Super resolution, in general, is one of the major problems in computer vision that have received increased attention over the past few years, as deep learning methods have slowly revolutionized the field.

Lately, researchers have increasingly started to employ generative adversarial networks to help with super resolution tasks. Importantly, using GANs, researchers have claimed to have gone beyond the deconvolution limit , i.e. beyond what is “naturally” reconstructable from a limited amount of information deconvolution.

The deconvolution limit is a “hard” limit. Hence, transcending this limit has, for decades, been a topos in science fiction. The most prominent example is of course Blade Runner. A more recent one is this X-Files scene:

From there on, transcending the deconvolution limit has become an Internet meme (what a time to be alive, that this is a valid sentence), with shows like Navy CIS intentionally exploiting the ridiculousness of infinite super resolution.

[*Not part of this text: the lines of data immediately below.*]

Lemma in_dilate_hits_prefix :
  in_dilate isB t x -> (\sum_j x j = t * k /\ t <= \sum_(j < n | j < p) x j)%N.
Proof.
case=> lam [lam_ge0 [lam_supp [sum_lam xE]]].
have sum_lamB : \sum_(B | isB B) lam B = 1 :> RR.
  rewrite -sum_lam big_mkcond /=; apply: eq_bigr => B _.
  by case: (boolP (isB B)) => // /lam_supp ->.
split.
  apply/eqP; rewrite -(eqr_nat RR) (in_dilate_sum predT xE).
  rewrite (eq_bigr (fun B => lam B * k%:R)); last first.
    by move=> B; rewrite isBE => /andP[/eqP <- _]; rewrite card_sum_indicator.
  by rewrite -mulr_suml sum_lamB mul1r natrM.
rewrite -(ler_nat RR) (in_dilate_sum (fun j : 'I_n => j < p)%N xE).
rewrite -[X in X <= _]mulr1 -[X in _ * X <= _]sum_lamB.
apply: ler_wpM2l; first exact: ler0n.
apply: ler_sum => B; rewrite isBE => /andP[_ /existsP[j /andP[jp jB]]].
rewrite -[X in X <= _]mulr1; apply: ler_wpM2l; first exact: lam_ge0.
rewrite ler1n lt0n sum_nat_eq0 negb_forall; apply/existsP; exists j.
by rewrite jp jB.
Qed.

(* Witness: lam B = #{i < t | residue_slice x t i = B} / t. *)
Lemma hits_prefix_in_dilate :
  (\sum_j x j = t * k -> t <= \sum_(j < n | j < p) x j -> in_dilate isB t x)%N.
Proof.
move=> sum_x prefix_x.
have sliceB (i : 'I_t) : isB (residue_slice x t i).
  by rewrite isBE /hits_prefix (card_residue_slice t_gt0 x_le_t (ltn_ord i) sum_x) eqxx
    residue_slice_hits_prefix.
have t_neq0 : t%:R != 0 :> RR by rewrite pnatr_eq0 -lt0n.
have sum_at (i : 'I_t) (g : {set 'I_n} -> RR) :
    \sum_B (residue_slice x t i == B)%:R * g B = g (residue_slice x t i).
  rewrite (bigD1 (residue_slice x t i)) //= eqxx mul1r big1 ?addr0 // => B.
  by rewrite eq_sym => /negbTE ->; rewrite mul0r.
have lam_supp B : ~~ isB B -> \sum_(i < t) (residue_slice x t i == B)%:R = 0 :> RR.
  move=> notB; rewrite big1 // => i _.
  by case: eqP => // sliceE; move: notB; rewrite -sliceE sliceB.
exists (fun B => t%:R^-1 * \sum_(i < t) (residue_slice x t i == B)%:R).
split; [|split; [|split]].
- by move=> B; rewrite mulr_ge0 ?invr_ge0 ?ler0n ?sumr_ge0.
- by move=> B /lam_supp ->; rewrite mulr0.
- rewrite -mulr_sumr exchange_big /=.
  rewrite (eq_bigr (fun=> 1)) ?sumr_const ?card_ord ?mulVf // => i _.
  by rewrite -[RHS](sum_at i (fun=> 1)); apply: eq_bigr => B _; rewrite mulr1.
move=> j; rewrite big_mkcond /= (eq_bigr (fun B =>
  t%:R^-1 * (\sum_(i < t) (residue_slice x t i == B)%:R) * (j \in B)%:R)); last first.
  by move=> B _; case: (boolP (isB B)) => // /lam_supp ->; rewrite mulr0 mul0r.
under eq_bigr do rewrite -mulrA mulr_suml.
rewrite -mulr_sumr exchange_big /=.
under eq_bigr do rewrite (sum_at _ (fun B => (j \in B)%:R)).
by rewrite -natr_sum sum_mem_residue_slice // mulrA mulfV // mul1r.
Qed.
End DilateOfPrefixMatroid.
(* Let $p\in[1,\infty]$ and $d\in\mathbb N$. For $n\in\mathbb N$ let $s_n\in\mathbb N$ and let $\mathbf w^{(n)}=(\mathbf w^{(n)}_0,\dots,\mathbf w^{(n)}_{s_n})\in\mathbb R^{s_n+1}$ be filter masks, let $m_0:=d$, $m_n:=m_{n-1}+s_n$, and let $\mathbf b_n\in\mathbb R^{m_n}$ be bias vectors. Suppose $\sum_{n=1}^\infty\|\mathbf b_n\|_p<\infty$, $\mathbf w^{(n)}_0=1$ for all $n\in\mathbb N$, and $\sum_{n=1}^\infty\sum_{j=1}^{s_n}|\mathbf w^{(n)}_j|<\infty$. Then the deep ReLU convolutional neural networks $x^{(n)}$ converge pointwise on $[0,1]^d$, i.e. for each $x\in[0,1]^d$ the sequence $\tilde x^{(n)}$ converges in $\ell^p$.
   Context: $\sigma(t)=\max(t,0)$ applied componentwise. For $\mathbf x\in\mathbb R^m$ and $\mathbf w=(\mathbf w_0,\dots,\mathbf w_s)$, the convolution $\mathbf x*\mathbf w\in\mathbb R^{m+s}$ has entries $(\mathbf x*\mathbf w)_i=\sum_{j=\max(0,i-m)}^{\min(i-1,s)}\mathbf w_j\mathbf x_{i-j}$, $1\le i\le m+s$; equivalently $\mathbf x*\mathbf w=\mathbf W\mathbf x$ with $\mathbf W\in\mathbb R^{(m+s)\times m}$, $\mathbf W_{jk}=\mathbf w_{j-k}$ if $0\le j-k\le s$ and $0$ otherwise. The CNN is defined by $x^{(0)}:=x\in[0,1]^d$ and $x^{(n)}:=\sigma(x^{(n-1)}*\mathbf w^{(n)}+\mathbf b_n)\in\mathbb R^{m_n}$; $\tilde x^{(n)}\in\ell^p$ denotes $x^{(n)}$ extended by zeros beyond its first $m_n$ entries. *)

From HB Require Import structures.
From mathcomp Require Import all_boot all_order all_algebra.
From mathcomp Require Import all_classical all_reals all_analysis.
Set Implicit Arguments. Unset Strict Implicit. Unset Printing Implicit Defensive.
Import Order.TTheory GRing.Theory Num.Theory.
Local Open Scope ring_scope.

(* Conventions: real vectors of R^m are functions 'I_m -> R (0-based indices:
   paper's index i in 1..m is our index i-1).  Sequences in l^p are nat -> R. *)

Section CNN.
Variable R : realType.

Thus, there must be a catch. In case of GANs, the catch is this: GANs are only able to take the super resolution process beyond the deconvolution limit because they introduce additional information about the problem domain in the form of a latent space filled to the brink with images. In other words: GANs cannot reconstruct what is un-reconstructable, but they can take best guesses based exclusively on the additional information supplied. In other words: super resolution, with GANs, is always, to a degree, hallucination.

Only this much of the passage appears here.